As the debate continues over how the use of drug coupons impacts drug spending—and intensifies in the face of an accelerated shift to value-based care—First Report Managed Care asked a panel of experts to weigh in with their take. They analyzed how coupons can lead to higher spending and utilization, explained how in some cases coupons can improve the value of care, and addressed what payers can do to make sure they are fulfilling their mission in the face of increased coupon use.
Panel members also shared insight into whether they think the playing field is level between pharma, payers, and pharmacy benefit managers (PBMs)—given the tools both sides can employ to meet their goals.
We spoke with Charles Karnack, PharmD, assistant professor of clinical pharmacy at Duquesne University; Gary Owens, MD, president of Gary Owens Associates; Edmund Pezalla, PhD, CEO and lead consultant of Enlightenment Bioconsult; Arthur Shinn, PharmD, president of Managed Pharmacy Consultants; Norm Smith, president of Viewpoint Consulting, Inc; Barney Spivack, MD, national medical director of Medicare case and condition management at OptumHealth, and F Randy Vogenberg, PhD, RPh, principal at the Institute for Integrated Healthcare.
In your experience, do coupons eventually lead to overall higher drug spending?
Dr Vogenberg: Information available from 2016 and 2017 shows that drug assistance and coupon programs do lead to higher drug pricing and supply chain costs to purchasers of care.
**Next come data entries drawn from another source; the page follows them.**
(* Let $r<0$ and $0<y_1<y_2$, and let $p(z)=\prod_{j=1}^2(z-(r+iy_j))(z-(r-iy_j))$. Then $(1/p(n))_{n\in\mathbb Z_+}$ is not a Hausdorff moment sequence.
   Context: A sequence $(x_n)_{n\in\mathbb Z_+}$ of positive numbers is a Hausdorff moment sequence if there is a positive Radon measure $\mu$ on $[0,1]$ with $x_n=\int_0^1 t^n\,d\mu(t)$ for all $n\in\mathbb Z_+$. *)

From HB Require Import structures.
From mathcomp Require Import all_boot all_order all_algebra.
From mathcomp Require Import all_classical all_reals all_analysis.
Set Implicit Arguments. Unset Strict Implicit. Unset Printing Implicit Defensive.
Import Order.TTheory GRing.Theory Num.Theory.
Local Open Scope classical_set_scope.
Local Open Scope ring_scope.

(* On the compact [0,1] every finite
   positive Borel measure is Radon, and finiteness follows from n = 0. *)
Definition hausdorff_moment_seq (R : realType) (x : nat -> R) : Prop :=
  (forall n, 0 < x n) /\
  exists mu : {measure set R -> \bar R},
    mu (~` `[0%R, 1%R]) = 0%E /\
    forall n : nat, (\int[mu]_(t in `[0%R, 1%R]) ((t ^+ n)%:E) = (x n)%:E)%E.

From mathcomp Require Import all_boot all_order all_algebra.
From mathcomp Require Import all_classical all_reals all_analysis.
From mathcomp Require Import measurable_realfun complex.
From mathcomp Require Import ring lra.
Import Order.TTheory GRing.Theory Num.Theory numFieldNormedType.Exports.
Local Open Scope ring_scope.

(* A Hausdorff moment sequence x is completely monotone: its j-th forward
   difference at k is the integral of t^k (1 - t)^j, hence nonnegative.  By
   partial fractions, 1/p(n) is a positive multiple of
   Im (1/(n - w1)) / y1 - Im (1/(n - w2)) / y2 with w_l = r + i y_l, and the
   j-th difference of 1/(n - w) is j!/((k - w) ... (k + j - w)).  Its sign is
   that of sin (sum_i atan (y / (k + i - r))).  For large k the summands are
   small but still sum to infinity like the harmonic series, so for y = y1
   the angle can be steered close to 3 pi / 2; then the y1 term dominates and
   the forward difference of 1/p is negative. *)

Fixpoint fwd_diff {V : zmodType} (j : nat) (f : nat -> V) : nat -> V :=
  if j is j'.+1 then fun k => fwd_diff j' f k - fwd_diff j' f k.+1 else f.

Lemma eq_fwd_diff {V : zmodType} {f g : nat -> V} :
  f =1 g -> forall j, fwd_diff j f =1 fwd_diff j g.
Proof. by move=> fg; elim=> [|j IH] k //=; rewrite !IH. Qed.

Lemma fwd_diff_morph {U V : zmodType} (h : U -> V) :
  {morph h : a b / a - b} -> forall (f : nat -> U) j k,
  h (fwd_diff j f k) = fwd_diff j (h \o f) k.
Proof. by move=> hB f; elim=> [|j IH] k //=; rewrite hB !IH. Qed.

Lemma fwd_diffB {V : zmodType} (f g : nat -> V) j k :
  fwd_diff j (fun n => f n - g n) k = fwd_diff j f k - fwd_diff j g k.
Proof. by elim: j k => [|j IH] k //=; rewrite !IH !opprD addrACA. Qed.

Section HausdorffMoments.
Context {R : realType} {mu : {measure set R -> \bar R}} {x : nat -> R}.
Hypothesis mu_moments :
  forall n, (\int[mu]_(t in `[0%R, 1%R]) (t ^+ n)%:E = (x n)%:E)%E.

Let I01 := (`[0%R, 1%R] : set R).

Lemma bernstein_ge0 (j k : nat) (t : R) :
  t \in `[0, 1] -> 0 <= t ^+ k * (1 - t) ^+ j.
Proof.
by rewrite in_itv /= => /andP[t0 t1]; rewrite mulr_ge0 ?exprn_ge0 ?subr_ge0.
Qed.

Lemma moment_fwd_diff j k :
  (\int[mu]_(t in I01) (t ^+ k * (1 - t) ^+ j)%:E = (fwd_diff j x k)%:E)%E.
Proof.
elim: j k => [|j IH] k /=.
  by under eq_integral do rewrite expr0 mulr1; exact: mu_moments.
have mI01 : measurable I01 by exact: measurable_itv.
have int_j m : mu.-integrable I01 (EFin \o (fun t => t ^+ m * (1 - t) ^+ j)).
  apply/integrableP; split.
    by apply/measurable_EFinP; apply: measurable_funM; apply: measurable_funX;
      [|apply: measurable_funB].
  under eq_integral => t /[!inE] /bernstein_ge0 t_ge0 do rewrite /= ger0_norm //.
  by rewrite IH ltry.
under eq_integral do rewrite exprS mulrBl mul1r mulrBr mulrA -exprSr EFinB.
by rewrite integralB_EFin // !IH.
Qed.

Lemma hausdorff_fwd_diff_ge0 j k : 0 <= fwd_diff j x k.
Proof.
rewrite -lee_fin -moment_fwd_diff.
by apply: integral_ge0 => t /bernstein_ge0; rewrite lee_fin.
Qed.
End HausdorffMoments.

Lemma fwd_diff_inv_sub (F : fieldType) (w : F) :
  (forall m : nat, m%:R != w) -> forall j k,
  fwd_diff j (fun n => (n%:R - w)^-1) k = j`!%:R / \prod_(i < j.+1) ((k + i)%:R - w).
Proof.
move=> w_notnat; have nz m : m%:R - w != 0 by rewrite subr_eq0.
elim=> [|j IH] k /=; first by rewrite big_ord1 addn0 fact0 div1r.
set P := \prod_(i < j.+2) _; rewrite !IH.
set A := \prod_(i < j.+1) _; set B := \prod_(i < j.+1) _.
set a := k%:R - w; set b := (k + j.+1)%:R - w.
have P_Ab : P = A * b by rewrite /P big_ord_recr.
have P_aB : P = a * B.
  by rewrite /P big_ord_recl addn0; congr (_ * _); apply: eq_bigr => i _; rewrite addSnnS.
have -> : j`!%:R / A = j`!%:R * b / P by rewrite P_Ab [A * b]mulrC invfM mulrA mulfK ?nz.
have -> : j`!%:R / B = j`!%:R * a / P by rewrite P_aB invfM mulrA mulfK ?nz.
rewrite -mulrBl -mulrBr (_ : b - a = j.+1%:R); last by rewrite /a /b natrD; ring.
by rewrite factS natrM [j.+1%:R * _]mulrC.
Qed.

Section PolarForm.
Local Open Scope complex_scope.
Context {R : realType}.

Definition cpolar (rh th : R) : R[i] := (rh * cos th) +i* (rh * sin th).

Lemma cpolarM (a b s t : R) : cpolar a s * cpolar b t = cpolar (a * b) (s + t).
Proof. by rewrite /cpolar; simpc; rewrite cosD sinD; congr (_ +i* _); ring. Qed.

Lemma prod_cpolar (I : Type) (s : seq I) (rh th : I -> R) :
  \prod_(i <- s) cpolar (rh i) (th i) =
  cpolar (\prod_(i <- s) rh i) (\sum_(i <- s) th i).
Proof.
elim: s => [|i s IH]; last by rewrite !big_cons IH cpolarM.
by rewrite !big_nil /cpolar cos0 sin0 mul1r mulr0.
Qed.

Lemma Im_cpolarV (rh th : R) : 0 < rh -> complex.Im (cpolar rh th)^-1 = - sin th / rh.
Proof.
move=> rh_gt0; rewrite /= !exprMn -mulrDr cos2Dsin2 mulr1.
by field; rewrite gt_eqF.
Qed.

Lemma cpolar_atan (c y : R) : 0 < c ->
  cpolar (Num.sqrt (c ^+ 2 + y ^+ 2)) (atan (y / c)) = c +i* y.
Proof.
move=> c_gt0; set x := y / c.
have s_gt0 : 0 < Num.sqrt (1 + x ^+ 2) by rewrite sqrtr_gt0 ltr_pwDl ?sqr_ge0.
have cos_x : cos (atan x) = (Num.sqrt (1 + x ^+ 2))^-1 by rewrite cos_atan.
have sin_x : sin (atan x) = x * cos (atan x).
  by rewrite -{2}(atanK x) /tan divfK // cos_x invr_eq0 gt_eqF.
have -> : Num.sqrt (c ^+ 2 + y ^+ 2) = c * Num.sqrt (1 + x ^+ 2).
  rewrite (_ : c ^+ 2 + y ^+ 2 = c ^+ 2 * (1 + x ^+ 2)); last by rewrite /x; field; rewrite gt_eqF.
  by rewrite sqrtrM ?sqr_ge0 // sqrtr_sqr gtr0_norm.
rewrite /cpolar sin_x cos_x mulrCA !mulfK ?gt_eqF //.
by rewrite /x divfK ?gt_eqF.
Qed.
End PolarForm.

Section InverseQuadratic.
Local Open Scope complex_scope.
Context {R : realType}.

(* Modulus and minus the argument of the Pochhammer product
   (k - w) (k + 1 - w) ... (k + j - w), w = r + i y. *)
Definition poch_norm (r y : R) (k j : nat) : R :=
  \prod_(i < j.+1) Num.sqrt (((k + i)%:R - r) ^+ 2 + y ^+ 2).

Definition poch_angle (r y : R) (k j : nat) : R :=
  \sum_(i < j.+1) atan (y / ((k + i)%:R - r)).

Lemma complex_natrE (n : nat) : (n%:R : R[i]) = n%:R +i* 0.
Proof. by rewrite -(rmorph_nat (@real_complex R)). Qed.

Lemma poch_polar (r y : R) (k j : nat) : r < 0 ->
  \prod_(i < j.+1) ((k + i)%:R - (r +i* y)) =
  cpolar (poch_norm r y k j) (- poch_angle r y k j).
Proof.
move=> r_lt0; rewrite /poch_angle -sumrN -prod_cpolar; apply: eq_bigr => i _.
have c_gt0 : 0 < (k + i)%:R - r by rewrite subr_gt0 (lt_le_trans r_lt0).
by rewrite -atanN -mulNr -[y ^+ 2]sqrrN cpolar_atan // complex_natrE; simpc.
Qed.

Lemma poch_norm_gt0 (r y : R) (k j : nat) : y != 0 -> 0 < poch_norm r y k j.
Proof.
move=> y_neq0; apply: prodr_gt0 => i _.
by rewrite sqrtr_gt0 ltr_wpDl ?sqr_ge0 ?exprn_even_gt0.
Qed.

Lemma fwd_diff_inv_quad (r y : R) : r < 0 -> y != 0 -> forall j k,
  fwd_diff j (fun n => ((n%:R - r) ^+ 2 + y ^+ 2)^-1) k =
  j`!%:R * sin (poch_angle r y k j) / (poch_norm r y k j * y).
Proof.
move=> r_lt0 y_neq0 j k.
have quad_Im n : ((n%:R - r) ^+ 2 + y ^+ 2)^-1 = complex.Im ((n%:R - (r +i* y))^-1) / y.
  by rewrite complex_natrE /=; simpc; rewrite sqrrN mulrAC divff // mul1r.
have Im_natrM n (z : R[i]) : complex.Im (n%:R * z) = n%:R * complex.Im z.
  by case: z => a b; rewrite complex_natrE /=; ring.
rewrite (eq_fwd_diff quad_Im) -(fwd_diff_morph (fun z => complex.Im z / y)); last first.
  by move=> [a b] [c d]; rewrite -mulrBl.
have w_notnat m : m%:R != r +i* y.
  by rewrite complex_natrE; apply/eqP => -[_ y0]; rewrite -y0 eqxx in y_neq0.
rewrite fwd_diff_inv_sub //.
rewrite poch_polar // Im_natrM Im_cpolarV ?poch_norm_gt0 // sinN opprK.
by rewrite invfM !mulrA.
Qed.
End InverseQuadratic.

Section PhaseSteering.
Context {R : realType}.

Lemma atan_bounds {x : R} : 0 < x -> x / (1 + x ^+ 2) <= atan x <= x.
Proof.
move=> x_gt0.
have [|c /[!in_itv] /= /andP[c_gt0 c_lt]] :=
  MVT x_gt0 (fun t _ => is_derive1_atan t).
  by apply: continuous_subspaceT => t; exact: continuous_atan.
rewrite atan0 !subr0 => ->.
have sq_gt0 : 0 < 1 + c ^+ 2 by rewrite ltr_pwDl ?sqr_ge0.
rewrite mulrC ler_pM2r // lef_pV2 ?posrE ?ltr_pwDl ?sqr_ge0 //.
rewrite lerD2l ler_piMl ?(ltW x_gt0) ?invf_le1 ?lerDl ?sqr_ge0 ?andbT //; nra.
Qed.

Lemma sum_near_target {a : nat -> R} {t d : R} : 0 <= t -> (forall i, a i < d) ->
  (exists n, t <= \sum_(i < n.+1) a i) -> exists n, `|\sum_(i < n.+1) a i - t| < d.
Proof.
move=> t_ge0 a_lt reach; case: (ex_minnP reach) => n t_le n_min; exists n.
rewrite ger0_norm ?subr_ge0 //.
case: n t_le n_min => [|n] t_le n_min.
  by rewrite big_ord1; have := a_lt 0%N; lra.
have S_lt : \sum_(i < n.+1) a i < t by rewrite ltNge; apply/negP => /n_min; rewrite ltnn.
by rewrite big_ord_recr /=; have := a_lt n.+1; lra.
Qed.

Lemma harmonic_minorant_unbounded {a : nat -> R} {b : R} : 0 < b ->
  (forall i, b / i.+1%:R <= a i) -> forall t, exists n, t <= \sum_(i < n.+1) a i.
Proof.
move=> b_gt0 a_ge t.
have [//|/forallNP S_lt] := pselect (exists n, t <= \sum_(i < n.+1) a i).
exfalso; apply: (@dvg_harmonic R); apply: nondecreasing_is_cvgn.
  by apply: nondecreasing_series => n _ _; exact: harmonic_ge0.
exists (t / b) => _ [n _ <-].
rewrite seriesEord /= ler_pdivlMr // mulr_suml.
apply: (@le_trans _ _ (\sum_(i < n.+1) a i)); last first.
  by move/negP: (S_lt n); rewrite -ltNge => /ltW.
rewrite big_ord_recr /= -[leLHS]addr0 lerD //.
  by apply: ler_sum => i _; rewrite mulrC; exact: a_ge.
by apply: le_trans (a_ge n); rewrite divr_ge0 ?ltW.
Qed.

Lemma atan_ge_half {x : R} : 0 < x <= 1 -> x / 2 <= atan x.
Proof.
move=> /andP[x_gt0 x_le1]; have /andP[atan_ge _] := atan_bounds x_gt0.
apply: le_trans atan_ge.
by rewrite ler_pM2l // lef_pV2 ?posrE ?ltr_pwDl ?sqr_ge0 // lerD2l; nra.
Qed.

Lemma exists_poch_angle (r y e : R) : r < 0 -> 0 < y -> e < 1 ->
  exists k j : nat, sin (poch_angle r y k j) < - e.
Proof.
move=> r_lt0 y_gt0 e_lt1; pose t0 := pi / 2 + pi : R.
have t0_ge0 : 0 <= t0 by rewrite addr_ge0 ?divr_ge0 ?ltW ?pi_gt0.
have : \forall t \near t0, sin t < - e.
  apply: (@cvgr_lt _ _ (nbhs t0) _ sin (sin t0) (@continuous_sin R t0)).
  by rewrite /t0 sinDpi sin_pihalf ltrN2.
move=> /nbhs_ballP[d /= d_gt0 near_t0].
pose m := Num.min d 1; have m_gt0 : 0 < m by rewrite lt_min d_gt0 ltr01.
(* k is so large that every step atan (y / c i) is below m <= d, while the
   steps still dominate a harmonic series. *)
pose k := (Num.truncn (y / m)).+1; pose K := k%:R - r.
have k_gt : y < m * k%:R by rewrite mulrC -ltr_pdivrMr // truncnS_gt.
have K_ge1 : 1 <= K.
  have : 1 <= k%:R :> R by rewrite ler1n.
  rewrite /K; lra.
pose c i := (k + i)%:R - r.
have c_eq i : c i = K + i%:R by rewrite /c /K natrD addrAC.
have c_gt0 i : 0 < c i by rewrite c_eq; have := ler0n R i; lra.
have x_lt_m i : y / c i < m.
  rewrite ltr_pdivrMr // (lt_le_trans k_gt) // ler_pM2l // c_eq /K.
  by have := ler0n R i; lra.
have step_lt i : atan (y / c i) < d.
  have /andP[_ atan_le] := atan_bounds (divr_gt0 y_gt0 (c_gt0 i)).
  by rewrite (le_lt_trans atan_le) // (lt_le_trans (x_lt_m i)) // ge_min lexx.
have b_gt0 : 0 < y / (2 * K) by rewrite divr_gt0 // mulr_gt0 //; lra.
have step_ge i : y / (2 * K) / i.+1%:R <= atan (y / c i).
  have x_in : 0 < y / c i <= 1.
    by rewrite divr_gt0 //= ltW // (lt_le_trans (x_lt_m i)) // ge_min lexx orbT.
  apply: le_trans (atan_ge_half x_in).
  rewrite -!mulrA ler_pM2l // -!invfM lef_pV2 ?posrE ?mulr_gt0 //; try lra.
  by rewrite c_eq -natr1; have := ler0n R i; nra.
have [n near_n] :=
  sum_near_target t0_ge0 step_lt (harmonic_minorant_unbounded b_gt0 step_ge t0).
by exists k, n; apply: near_t0; rewrite -ball_normE /ball_ /= distrC.
Qed.
End PhaseSteering.

Lemma inv_mul_partial_fraction {F : fieldType} {c s t : F} :
  c + s != 0 -> c + t != 0 -> s != t ->
  1 / ((c + s) * (c + t)) = (t - s)^-1 * ((c + s)^-1 - (c + t)^-1).
Proof. by move=> cs_neq0 ct_neq0 st; field; rewrite cs_neq0 ct_neq0 subr_eq0 eq_sym st. Qed.

Section TwoQuadratics.
Context {R : realType}.

Lemma le_poch_norm (r y1 y2 : R) (k j : nat) :
  y1 ^+ 2 <= y2 ^+ 2 -> poch_norm r y1 k j <= poch_norm r y2 k j.
Proof.
move=> le_y; apply: ler_prod => i _.
by rewrite sqrtr_ge0 ler_sqrt ?lerD2l // addr_ge0 ?sqr_ge0.
Qed.

Lemma fwd_diff_inv_two_quads (r y1 y2 : R) : r < 0 -> 0 < y1 -> y1 < y2 -> forall j k,
  fwd_diff j (fun n => 1 / (((n%:R - r) ^+ 2 + y1 ^+ 2) * ((n%:R - r) ^+ 2 + y2 ^+ 2))) k =
  (y2 ^+ 2 - y1 ^+ 2)^-1 * j`!%:R *
  (sin (poch_angle r y1 k j) / (poch_norm r y1 k j * y1) -
   sin (poch_angle r y2 k j) / (poch_norm r y2 k j * y2)).
Proof.
move=> r_lt0 y1_gt0 y12 j k; have y2_gt0 := lt_trans y1_gt0 y12.
have quad_gt0 y n : 0 < y -> 0 < (n%:R - r) ^+ 2 + y ^+ 2.
  by move=> y_gt0; rewrite ltr_wpDl ?sqr_ge0 ?exprn_gt0.
have sq_lt : y1 ^+ 2 < y2 ^+ 2 by rewrite ltrXn2r ?(ltW y1_gt0) ?(ltW y2_gt0).
have sq_neq : y1 ^+ 2 != y2 ^+ 2 by rewrite lt_eqF.
rewrite (eq_fwd_diff (fun n => inv_mul_partial_fraction
   (lt0r_neq0 (quad_gt0 _ n y1_gt0)) (lt0r_neq0 (quad_gt0 _ n y2_gt0)) sq_neq)).
rewrite -(fwd_diff_morph (fun x => (y2 ^+ 2 - y1 ^+ 2)^-1 * x)) ?fwd_diffB; last first.
  by move=> a b; rewrite mulrBr.
by rewrite !fwd_diff_inv_quad ?gt_eqF //; ring.
Qed.

Lemma sine_quotient_lt (S1 S2 P1 P2 y1 y2 : R) :
  0 < P1 <= P2 -> 0 < y1 < y2 -> S1 < - (y1 / y2) -> -1 <= S2 ->
  S1 / (P1 * y1) < S2 / (P2 * y2).
Proof.
move=> /andP[P1_gt0 P12] /andP[y1_gt0 y12] S1_lt S2_ge.
have P2_gt0 := lt_le_trans P1_gt0 P12; have y2_gt0 := lt_trans y1_gt0 y12.
apply: (@lt_le_trans _ _ (- (P1 * y2)^-1)).
  rewrite ltr_pdivrMr ?mulr_gt0 // (_ : _ * _ = - (y1 / y2)) //.
  by field; rewrite !lt0r_neq0.
apply: (@le_trans _ _ (- (P2 * y2)^-1)).
  by rewrite lerN2 lef_pV2 ?posrE ?mulr_gt0 // ler_pM2r.
by rewrite -mulN1r ler_pM2r ?invr_gt0 ?mulr_gt0.
Qed.
End TwoQuadratics.

Theorem mainTheorem7 (R : realType) (r y1 y2 : R)
  (hr : r < 0) (hy1 : 0 < y1) (hy12 : y1 < y2) :
  ~ hausdorff_moment_seq
      (fun n : nat => 1 / ((((n%:R - r) ^+ 2 + y1 ^+ 2) * ((n%:R - r) ^+ 2 + y2 ^+ 2)))).
Proof.
move=> [_ [mu [_ mu_moments]]].
have y2_gt0 := lt_trans hy1 hy12.
have sq_lt : y1 ^+ 2 < y2 ^+ 2 by rewrite ltrXn2r ?ltW.
have [k [j sin_lt]] : exists k j, sin (poch_angle r y1 k j) < - (y1 / y2).
  by apply: exists_poch_angle; rewrite // ltr_pdivrMr // mul1r.
have := hausdorff_fwd_diff_ge0 mu_moments j k.
rewrite fwd_diff_inv_two_quads // pmulr_rge0 ?mulr_gt0 ?ltr0n ?fact_gt0 ?invr_gt0 ?subr_gt0 //.
by rewrite subr_ge0 leNgt sine_quotient_lt ?hy1 ?hy12 ?sin_geN1 ?poch_norm_gt0 ?le_poch_norm
  ?lt0r_neq0 ?ltW.
Qed.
This has now been shown to increase the out-of-pocket costs for patients, as well as drug claim costs for purchasers.
Dr Pezalla: If coupons encourage use of a more expensive medication, then spending will be high over the long-term.
Dr Owens: I don’t think there is any doubt that coupons lead to higher drug spending, and the data proves it. According to a 2011 Pharmaceutical Care Management Association report, coupons could account for an excess of $32 billion over 10 years. Additionally, a study just published in the American Economic Journal: Economic Policy concluded that “coupons increase branded sales by more than 60%, entirely by reducing the sales of bioequivalent generics.” Researchers found that “during the 5 years following generic entry… coupons increase total spending by $30 to $120 million per drug” they evaluated.
In my mind, such evidence speaks for the issue well.
Mr Smith: I’ll put it this way: If coupons did not lead to higher spending, no company would use them.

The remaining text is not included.